部屋の隅で小さく縮こまりながら何度もたすけて、たすけてと悲鳴を上げた。もたれかかっていた壁の向こう側からあわただしい振動が響いて、部屋のドアが力任せに開く。
「うるさああい!乱馬ァ!」
はあはあと苦しそうに息を途切れさせてパジャマのままのあかねがなびきの格好とおれを見て息を飲んだ。
「おっ……おねえちゃ……なに、してんの……?」
「……見てわかんない?いじめてンのよ」
せせら笑うようにはん、と踵を返して勉強机の引き出しからいつも吸ってるメンソル煙草を引っ張り出し、絶句するあかねの目の前で火をつけて煙を吐き出した。
「熱、まだあんでしょ?もう静かにするから寝てらっしゃい。悪化するから」
そして 高く 足を 上げて 力一杯 おれに向かって 振り下ろ
「え?……ちょっ!…やめ……やめてえ!」
ダン!
「……ったあぃ…」
衝撃は果たして来なかった。代わりになびきがくわえ煙草のまま本棚に背を向けてしがみ付いている。唇にくっ付いてたフィルターが剥がれ落ちるように床に落下した。
「はぁ、はぁ、はぁ……ちょ、ちょっとまって……頭回んなくて……待って、待って……整理するから……」
あかねがイライラした声で頭を掻き毟りながらまってよ、もう、ちょっと、えぇ?なんなのよ、と何度も何度も小さく短く苦々しい声で呟いた。

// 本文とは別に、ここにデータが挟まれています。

Lemma term_coef (u : R) (k : nat) : term u k = RtoC (coef u k).
Proof.
  unfold term, coef, w. cbv zeta.
  set (a := (RtoC 1 - Ci * RtoC (sqrt (1 - u)))%C).
  assert (Ha : a <> 0%C) by (intros H; apply (f_equal Re) in H; simpl in H; lra).
  assert (Hconj : (RtoC 1 + Ci * RtoC (sqrt (1 - u)))%C = Cconj a)
    by (unfold a, Cconj, Cminus, Cplus, Cmult, Copp, RtoC, Ci; simpl; f_equal; ring).
  assert (Ha' : Cconj a <> 0%C)
    by (intros H; apply (f_equal Re) in H; simpl in H; lra).
  rewrite Hconj, <- !Cpow_inv, <- Cinv_conj, <- Cpow_conj, Cplus_conj_r by assumption.
  now rewrite <- RtoC_mult.
Qed.

Lemma Cmod_w_sqr (u : R) : u < 1 -> Cmod (w u) ^ 2 = / (2 - u).
Proof.
  intros Hu. unfold w.
  assert (Hss : sqrt (1 - u) * sqrt (1 - u) = 1 - u) by (apply sqrt_sqrt; lra).
  rewrite Cmod_inv, pow_inv, Cmod2_alt.
  - simpl. f_equal. nra.
  - intros H; apply (f_equal Re) in H; simpl in H; lra.
Qed.

Lemma coef_odd_term (u y : R) (k : nat) :
  INR (2 * k + 1) * coef u k * y ^ k = Re (2 * w u * (RtoC (u * y) * (w u * w u)) ^ k)%C.
Proof.
  unfold coef. rewrite Cpow_add_r, Cpow_mult_r, Cpow_1_r, Cpow_mult_l, <- RtoC_pow.
  replace (w u * w u)%C with (w u ^ 2)%C by ring.
  set (p := ((w u ^ 2) ^ k)%C).
  replace (2 * w u * (RtoC ((u * y) ^ k) * p))%C with (RtoC (2 * (u * y) ^ k) * (p * w u))%C
    by (rewrite RtoC_mult; ring).
  rewrite re_scal_l, Rpow_mult_distr. field.
  rewrite INR_odd. pose proof (pos_INR k). lra.
Qed.

Lemma is_series_coef_odd (u y : R) : u < 1 -> Rabs (u * y) < 2 - u ->
  is_series (fun k => INR (2 * k + 1) * coef u k * y ^ k) (integrand u y).
Proof.
  intros Hu Huy.
  set (z := (RtoC (u * y) * (w u * w u))%C).
  assert (Hz : Cmod z < 1).
  { unfold z. rewrite Cmod_mult, Cmod_mult, Cmod_R.
    replace (Cmod (w u) * Cmod (w u)) with (/ (2 - u))
      by (rewrite <- Cmod_w_sqr; [ring | exact Hu]).
    apply (Rmult_lt_reg_r (2 - u)); [lra|].
    rewrite Rmult_assoc, Rinv_l, Rmult_1_r, Rmult_1_l; lra. }
  assert (Hgeom := is_series_scal_l (2 * w u)%C _ _ (is_series_C_geom z Hz)).
  assert (HRe := is_series_additive Re _ _ re_plus (filterlim_Re _) Hgeom).
  unfold integrand. rewrite <- Re_w_geom by exact Hu.
  eapply is_series_ext; [|exact HRe].
  intros k. symmetry. apply coef_odd_term.
Qed.

Lemma Rabs_coef_le (u : R) (k : nat) : u < 1 ->
  Rabs (coef u k) <= 2 * Cmod (w u) * (Rabs u / (2 - u)) ^ k.
Proof.
  intros Hu. unfold coef.
  assert (HI : 1 <= INR (2 * k + 1)) by (rewrite INR_odd; pose proof (pos_INR k); lra).
  assert (Hw : Cmod (w u) ^ (2 * k + 1) = Cmod (w u) * (/ (2 - u)) ^ k)
    by (rewrite pow_add, pow_mult, Cmod_w_sqr by exact Hu; ring).
  apply Rle_trans with (Rabs u ^ k * (2 * Cmod (w u) ^ (2 * k + 1))).
  - rewrite Rabs_mult. apply Rmult_le_compat; try apply Rabs_pos.
    + unfold Rdiv. rewrite Rabs_mult, <- RPow_abs, Rabs_inv, (Rabs_pos_eq (INR _)) by lra.
      rewrite <- (Rmult_1_r (Rabs u ^ k)) at 2.
      apply Rmult_le_compat_l; [apply pow_le, Rabs_pos|].
      rewrite <- Rinv_1. apply Rinv_le_contravar; lra.
    + rewrite Rabs_mult, Rabs_pos_eq, <- Cmod_pow by lra.
      apply Rmult_le_compat_l; [lra | apply re_le_Cmod].
  - right. rewrite Hw. unfold Rdiv. rewrite Rpow_mult_distr. ring.
Qed.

あかねの焦燥をよそになびきが落ちた煙草を拾い上げて、やあだ、このラグ気に入ってたのに焼けちゃったじゃないのよぅ、と平気な顔で焦げ目の付いた毛足をぶちぶち毟っている。
おれはと言えば開放された安堵感からほとんど放心状態で全くアタマが使い物にならない。嫌な汗に濡れた背中が冷たかった。自由になった呼吸に感謝する。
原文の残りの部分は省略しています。